“Objective: Over the last decade, researchers have sought to develop novel medications against dementia. One potential agent under investigation is cannabinoids. This review systematically appraised and meta-analyzed published pre-clinical research on the mechanism of endocannabinoid system modulation in glial cells and their effects on cognitive function in animal models of Alzheimer’s disease (AD).
Methods: A systematic review complying with PRISMA guidelines was conducted. Six databases were searched: EBSCOHost, Scopus, PubMed, CINAHL, Cochrane, and Web of Science, using the keywords AD, cannabinoid, glial cells, and cognition. The methodological quality of each selected pre-clinical study was evaluated using the SYRCLE risk of bias tool. A random-effects model was applied to analyze the data and calculate the effect size, while I2 and p-values were used to assess heterogeneity.
Results: The analysis included 26 original articles describing (1050 rodents) with AD-like symptoms. Rodents treated with cannabinoid agonists showed significant reductions in escape latency (standard mean difference [SMD] = -1.26; 95% confidence interval [CI]: -1.77 to -0.76, p < 0.00001) and ability to discriminate novel objects (SMD = 1.40; 95% CI: 1.04 to 1.76, p < 0.00001) compared to the control group. Furthermore, a significant decrease in Aβ plaques (SMD = -0.91; 95% CI: -1.55 to -0.27, p = 0.006) was observed in the endocannabinoid-treated group compared to the control group. Trends were observed toward neuroprotection, as represented by decreased levels of glial cell markers including glial fibrillary acid protein (SMD = -1.47; 95% CI: -2.56 to -0.38, p = 0.008) and Iba1 (SMD = -1.67; 95% CI: -2.56 to -0.79, p = 0.0002). Studies on the wild-type mice demonstrated significantly decreased levels of pro-inflammatory markers TNF-α, IL-1, and IL-6 (SMD = -2.28; 95% CI: -3.15 to -1.41, p = 0.00001). Despite the non-significant decrease in pro-inflammatory marker levels in transgenic mice (SMD = -0.47; 95% CI: -1.03 to 0.08, p = 0.09), the result favored the endocannabinoid-treated group over the control group.

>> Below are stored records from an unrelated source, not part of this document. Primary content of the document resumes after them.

Lemma adjmx_Psym n : adjmx (Psym n) = Psym n.
Proof.
rewrite /adjmx -[RHS]trmx_Psym; congr (_^T).
by apply/matrixP => i j; rewrite !mxE rmorphM fmorphV /= !conjC_nat.
Qed.

Lemma Psym0 : Psym 0 = 1%:M.
Proof.
rewrite PsymE; apply: perm_average_const => s.
by rewrite -tpermmx1; congr tpermmx; apply/permP => -[].
Qed.

Definition insmx k m (i : k.-tuple 'I_N) : 'M[C]_(tdim (k + m), tdim m) :=
  \matrix_(r, c) (idx r == cat_tuple i (idx c))%:R.

Lemma tpermute_cat k m (i : k.-tuple 'I_N) (c : m.-tuple 'I_N) s t :
  tpermute (cat_tuple i c) (perm_cat s t) = cat_tuple (tpermute i s) (tpermute c t).
Proof.
apply: eq_from_tnth => x; rewrite tnth_mktuple permE /perm_cat_fun.
case: splitP => a ea.
  by rewrite (_ : x = lshift m a) ?tnth_lshift ?tnth_mktuple //; apply: val_inj.
by rewrite (_ : x = rshift k a) ?tnth_rshift ?tnth_mktuple //; apply: val_inj.
Qed.

Lemma insmx_tpermmx k m (i : k.-tuple 'I_N) (t : 'S_m) :
  insmx m i *m tpermmx t = tpermmx (perm_cat 1 t) *m insmx m i.
Proof.
apply/matrixP => r c; rewrite !mxE.
under eq_bigr do rewrite !mxE mulrC eq_sym.
rewrite sum_idx_delta; under [RHS]eq_bigr do rewrite !mxE mulrC.
by rewrite sum_idx_delta !ridxK tpermute_cat tpermute1 eq_sym.
Qed.

Lemma tpermmx_insmx k m (i : k.-tuple 'I_N) (s : 'S_k) :
  tpermmx (perm_cat s 1) *m insmx m i = insmx m (tpermute i s).
Proof.
apply/matrixP => r c; rewrite !mxE.
under eq_bigr do rewrite !mxE mulrC.
by rewrite sum_idx_delta !ridxK tpermute_cat tpermute1 eq_sym.
Qed.

Lemma Psym_insmx_Psym k m (i : k.-tuple 'I_N) :
  Psym (k + m) *m insmx m i *m Psym m = Psym (k + m) *m insmx m i.
Proof.
rewrite [X in _ *m X]PsymE -scalemxAr mulmx_sumr; apply: perm_average_const => t.
by rewrite -mulmxA insmx_tpermmx mulmxA Psym_tpermmx.
Qed.

Lemma Psym_insmx_tpermute k m (i : k.-tuple 'I_N) (s : 'S_k) :
  Psym (k + m) *m insmx m (tpermute i s) = Psym (k + m) *m insmx m i.
Proof. by rewrite -tpermmx_insmx mulmxA Psym_tpermmx. Qed.

Lemma insmx_nil m : insmx m [tuple] = 1%:M.
Proof.
apply/matrixP => r c; rewrite !mxE -(inj_eq (@idx_inj m)).
by congr ((nat_of_bool _)%:R); rewrite -!val_eqE.
Qed.

Lemma insmx_cons k m (a : 'I_N) (i : k.-tuple 'I_N) :
  insmx (k + m) [tuple a] *m insmx m i = insmx m (cons_tuple a i).
Proof.
apply/matrixP => r c; rewrite !mxE.
under eq_bigr do rewrite !mxE mulrC.
by rewrite sum_idx_delta ridxK; congr ((nat_of_bool _)%:R); rewrite -!val_eqE.
Qed.

Lemma tensmx_ket n (a : 'I_N) : tensmx n (ket C a) = insmx n [tuple a].
Proof.
apply/matrixP => r c; rewrite !mxE eqxx andbT -natrM mulnb.
by congr ((nat_of_bool _)%:R); rewrite -!val_eqE /= [in RHS](tuple_eta (idx r)) eqseq_cons.
Qed.

Lemma adjmx_insmx k m (i : k.-tuple 'I_N) : adjmx (insmx m i) = (insmx m i)^T.
Proof. by apply/matrixP => r c; rewrite !mxE conjC_nat. Qed.

Fixpoint crea_coef m k : C :=
  if k is k'.+1 then sqrtC (k' + m).+1%:R * crea_coef m k' else 1.

Lemma crea_coef_ge0 m k : 0 <= crea_coef m k.
Proof. by elim: k => //= k IH; rewrite mulr_ge0 // sqrtC_ge0 ler0n. Qed.

Lemma conj_crea_coef m k : (crea_coef m k)^* = crea_coef m k.
Proof. exact/geC0_conj/crea_coef_ge0. Qed.

Lemma crea_coef_sqr m k : crea_coef m k ^+ 2 * (m`!)%:R = ((k + m)`!)%:R.
Proof.
elim: k => [|k IH] /=; first by rewrite expr1n mul1r.
by rewrite exprMn sqrtCK -mulrA IH -natrM addSn factS.
Qed.

Fixpoint rev_tuple (a : nat -> 'I_N) k : k.-tuple 'I_N :=
  if k is k'.+1 then cons_tuple (a k') (rev_tuple a k') else [tuple].

Lemma rev_tupleE (a : nat -> 'I_N) k : val (rev_tuple a k) = rev (mkseq a k).
Proof. by elim: k => [|k IH] //=; rewrite IH mkseqS rev_rcons. Qed.

Lemma creas_Psym M (vs : nat -> 'cV[C]_N) k (a : nat -> 'I_N) :
  (forall n, (n < k)%N -> vs n = ket C (a n)) ->
  creas M vs k *m Psym M = crea_coef M k *: (Psym (k + M) *m insmx M (rev_tuple a k)).
Proof.
elim: k => [|k IH] vs_a /=; first by rewrite mul1mx insmx_nil mulmx1 scale1r.
rewrite -mulmxA IH => [|n /ltnW]; last exact: vs_a.
rewrite /adag vs_a // tensmx_ket -scalemxAl -scalemxAr scalerA; congr (_ *: _).
rewrite -!mulmxA (mulmxA (Psym (k + M))) Psym_idem !mulmxA.
by rewrite (@Psym_insmx_Psym 1) -mulmxA insmx_cons.
Qed.

Lemma crea_prod_rev_Psym M k (x0 : 'I_N) (i : k.-tuple 'I_N) :
  crea_prod_rev C M i *m Psym M = crea_coef M k *: (Psym (k + M) *m insmx M i).
Proof.
have i_rev n : (n < k)%N -> rkets C i n = ket C (nth x0 (rev i) n).
  by move=> lt_nk; rewrite /rkets -map_rev (nth_map x0) // size_rev size_tuple.
rewrite /crea_prod_rev (creas_Psym _ i_rev); congr (_ *: (_ *m insmx _ _)).
apply: val_inj; rewrite rev_tupleE mkseq_nth_size; first by rewrite revK.
by rewrite size_rev size_tuple.
Qed.

Lemma tpermute_rev k (j : k.-tuple 'I_N) :
  tpermute j (perm (@rev_ord_inj k)) = [tuple of rev j].
Proof.
apply: eq_from_tnth => x; have x0 := tnth j x.
by rewrite tnth_mktuple permE !(tnth_nth x0) /= nth_rev ?size_tuple.
Qed.

Lemma crea_prod_Psym M k (x0 : 'I_N) (j : k.-tuple 'I_N) :
  crea_prod C M j *m Psym M = crea_coef M k *: (Psym (k + M) *m insmx M j).
Proof.
have j_nth n : (n < k)%N -> kets C j n = ket C (nth x0 j n).
  by move=> lt_nk; rewrite /kets (nth_map x0) // size_tuple.
rewrite /crea_prod (creas_Psym _ j_nth).
rewrite -[in RHS](@Psym_insmx_tpermute k M j (perm (@rev_ord_inj k))).
congr (_ *: (_ *m insmx _ _)); apply: val_inj.
by rewrite tpermute_rev rev_tupleE mkseq_nth_size // size_tuple.
Qed.

Lemma insmx1_mulmxE n (a : 'I_N) m (B : 'M[C]_(tdim n, m)) r j :
  (insmx n [tuple a] *m B) r j =
  (thead (idx r) == a)%:R * B (ridx (behead_tuple (idx r))) j.
Proof.
rewrite mxE; under eq_bigr do rewrite mxE eq_cat_tuple1 -mulnb natrM -mulrA.
by rewrite -mulr_sumr sum_idx_delta.
Qed.

Lemma idop_sum n (A : 'M[C]_(tdim n)) :
  idop A = \sum_(a : 'I_N) insmx n [tuple a] *m A *m (insmx n [tuple a])^T.
Proof.
apply/matrixP => r s; rewrite !mxE summxE.
under eq_bigr do rewrite -mulmxA insmx1_mulmxE -[A *m _]trmxK trmx_mul trmxK
  mxE insmx1_mulmxE mxE mulrA.
rewrite (bigD1 (thead (idx r))) //= big1 ?addr0 => [|a /negPf a_r]; last first.
  by rewrite eq_sym a_r !mul0r.
by rewrite eqxx mul1r eq_sym.
Qed.

Lemma idkE M k (A : 'M[C]_(tdim M)) :
  idk k A = \sum_(i : k.-tuple 'I_N) insmx M i *m A *m (insmx M i)^T.
Proof.
elim: k => [|k IH] /=; first by rewrite sum_tuple0 insmx_nil trmx1 mulmx1 mul1mx.
rewrite IH idop_sum sum_tuple_cons; apply: eq_bigr => a _.
rewrite mulmx_sumr mulmx_suml; apply: eq_bigr => i _.
by rewrite -(@insmx_cons k M a i) trmx_mul !mulmxA.
Qed.

Lemma tdim0_eq (x y : 'I_(tdim 0)) : x = y.
Proof. by apply: (@idx_inj 0); rewrite (tuple0 (idx x)) (tuple0 (idx y)). Qed.

(* The unit vector of the one-dimensional space [H_0 = C]. *)
Definition vac : 'cV[C]_(tdim 0) := const_mx 1.

Lemma vac_mul_tr : vac *m vac^T = 1%:M.
Proof. by apply/matrixP => x y; rewrite !mxE big_ord1 !mxE mulr1 (tdim0_eq x y) eqxx. Qed.

Lemma tr_vac_mul : vac^T *m vac = 1%:M.
Proof.
apply/matrixP => x y; rewrite !mxE !ord1 eqxx.
under eq_bigr do rewrite !mxE mulr1.
by rewrite sumr_const card_ord /Defs.tdim card_tuple expn0.
Qed.

Definition basis_ket k (i : k.-tuple 'I_N) : 'cV[C]_(tdim (k + 0)) := insmx 0 i *m vac.

Lemma tr_basis_ket_mul k (i j : k.-tuple 'I_N) :
  (basis_ket i)^T *m basis_ket j = (i == j)%:R%:M.
Proof.
have ins_ij : (insmx 0 i)^T *m insmx 0 j = (i == j)%:R%:M.
  apply/matrixP => x y; rewrite !mxE (tdim0_eq x y) eqxx mulr1n.
  under eq_bigr do rewrite !mxE.
  rewrite sum_idx_delta ridxK eq_sym; congr ((nat_of_bool _)%:R).
  by rewrite -!val_eqE /= !tuple0 /= !cats0.
by rewrite trmx_mul mulmxA -(mulmxA vac^T) ins_ij mul_mx_scalar -scalemxAl tr_vac_mul scalemx1.
Qed.

Lemma adjmx_basis_ket k (i : k.-tuple 'I_N) : adjmx (basis_ket i) = (basis_ket i)^T.
Proof. by rewrite /basis_ket adjmxM adjmx_insmx /adjmx map_const_mx rmorph1 trmx_mul. Qed.

Lemma basis_ket_tpermmx k (i : k.-tuple 'I_N) (t : 'S_k) :
  tpermmx (perm_cat t 1) *m basis_ket i = basis_ket (tpermute i t).
Proof. by rewrite /basis_ket mulmxA tpermmx_insmx. Qed.

Lemma crea_prod_rev0_mul_adj k (x0 : 'I_N) (i j : k.-tuple 'I_N) :
  crea_prod_rev C 0 i *m adjmx (crea_prod_rev C 0 j) =
  crea_coef 0 k ^+ 2 *: (Psym (k + 0) *m basis_ket i *m (basis_ket j)^T *m Psym (k + 0)).
Proof.
have crea0 l : crea_prod_rev C 0 l = crea_coef 0 k *: (Psym (k + 0) *m insmx 0 l).
  by rewrite -[LHS]mulmx1 -Psym0 (crea_prod_rev_Psym _ x0).
rewrite !crea0 adjmxZ conj_crea_coef adjmxM adjmx_Psym adjmx_insmx.
rewrite -scalemxAl -scalemxAr scalerA expr2 /basis_ket trmx_mul !mulmxA.
by rewrite -(mulmxA _ vac) vac_mul_tr mulmx1.
Qed.

Section SymmetricState.
Variables (M k : nat) (psi : 'cV[C]_(tdim M)).
Hypothesis Psym_psi : Psym M *m psi = psi.
Variable x0 : 'I_N.

Local Notation P := (Psym (k + M)).
Local Notation Q := (Psym (k + 0)).
Local Notation Gamma := (psi *m adjmx psi).

Definition ins_psi (i : k.-tuple 'I_N) : 'cV[C]_(tdim (k + M)) := insmx M i *m psi.

(* The operator [phi |-> phi (x) psi] from [(C^N)^{(x) k}] to [(C^N)^{(x) k+M}]. *)
Definition tens_psi : 'M[C]_(tdim (k + M), tdim (k + 0)) :=
  \sum_i ins_psi i *m (basis_ket i)^T.

Lemma adjmx_tens_psi : adjmx tens_psi = \sum_i basis_ket i *m adjmx (ins_psi i).
Proof.
rewrite adjmx_sum; apply: eq_bigr => i _.
by rewrite adjmxM adjmx_trmx adjmx_basis_ket trmxK.
Qed.

Lemma tens_psi_mul_adj : tens_psi *m adjmx tens_psi = \sum_i ins_psi i *m adjmx (ins_psi i).
Proof.
rewrite adjmx_tens_psi mulmx_suml; apply: eq_bigr => i _.
rewrite mulmx_sumr (bigD1 i) //= big1 => [|j /negPf ij]; rewrite mulmxA -(mulmxA (ins_psi i)).
  by rewrite tr_basis_ket_mul eqxx mulmx1 addr0.
by rewrite tr_basis_ket_mul eq_sym ij mul_mx_scalar scale0r mul0mx.
Qed.

Lemma TkE :
  Tk M k Gamma = ((k + M)`!)%:R / (M`!)%:R *: (P *m tens_psi *m adjmx tens_psi *m P).
Proof.
rewrite /Tk -(mulmxA P tens_psi) tens_psi_mul_adj idkE; congr (_ *: (_ *m _ *m _)).
by apply: eq_bigr => i _; rewrite adjmxM adjmx_insmx !mulmxA.
Qed.

Lemma trace_Gamma_crea (i j : k.-tuple 'I_N) :
  \tr (Gamma *m (adjmx (crea_prod_rev C M i) *m crea_prod C M j)) =
  crea_coef M k ^+ 2 * (adjmx (ins_psi i) *m P *m ins_psi j) 0 0.
Proof.
have crea_rev_psi : crea_prod_rev C M i *m psi = crea_coef M k *: (P *m ins_psi i).
  by rewrite -{1}Psym_psi mulmxA (crea_prod_rev_Psym _ x0) -scalemxAl -mulmxA.
have crea_psi : crea_prod C M j *m psi = crea_coef M k *: (P *m ins_psi j).
  by rewrite -{1}Psym_psi mulmxA (crea_prod_Psym _ x0) -scalemxAl -mulmxA.
rewrite -mulmxA mxtrace_mulC.
have -> : adjmx psi *m (adjmx (crea_prod_rev C M i) *m crea_prod C M j) *m psi
    = adjmx (crea_prod_rev C M i *m psi) *m (crea_prod C M j *m psi).
  by rewrite adjmxM !mulmxA.
rewrite crea_psi crea_rev_psi /mxtrace big_ord1 adjmxZ conj_crea_coef adjmxM adjmx_Psym.
by rewrite -scalemxAl -scalemxAr scalerA mxE expr2 !mulmxA -(mulmxA _ P P) Psym_idem.
Qed.

Lemma adj_tens_psi_expand :
  Q *m adjmx tens_psi *m P *m tens_psi *m Q =
  \sum_i \sum_j (adjmx (ins_psi i) *m P *m ins_psi j) 0 0 *:
    (Q *m basis_ket i *m (basis_ket j)^T *m Q).
Proof.
rewrite adjmx_tens_psi /tens_psi mulmx_sumr !mulmx_suml [RHS]exchange_big.
apply: eq_bigr => j _; rewrite mulmx_sumr !mulmx_suml; apply: eq_bigr => i _.
have -> : Q *m (basis_ket i *m adjmx (ins_psi i)) *m P *m (ins_psi j *m (basis_ket j)^T) *m Q
    = Q *m basis_ket i *m (adjmx (ins_psi i) *m P *m ins_psi j) *m (basis_ket j)^T *m Q.
  by rewrite !mulmxA.
by rewrite [X in _ *m X *m _ *m _]mx11_scalar mul_mx_scalar -!scalemxAl.
Qed.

Conclusion: The revised data suggested that endocannabinoid stimulation promotes cognitive function via modulation of glial cells by decreasing pro-inflammatory markers in AD-like rodent models. Thus, cannabinoid agents may be required to modulate the downstream chain of effect to enhance cognitive stability against concurrent neuroinflammation in AD. Population-based studies and well-designed clinical trials are required to characterize the acceptability and real-world effectiveness of cannabinoid agents.”
“Numerous traditional medical applications of cannabis have already been established and are now accepted practices in medicine.”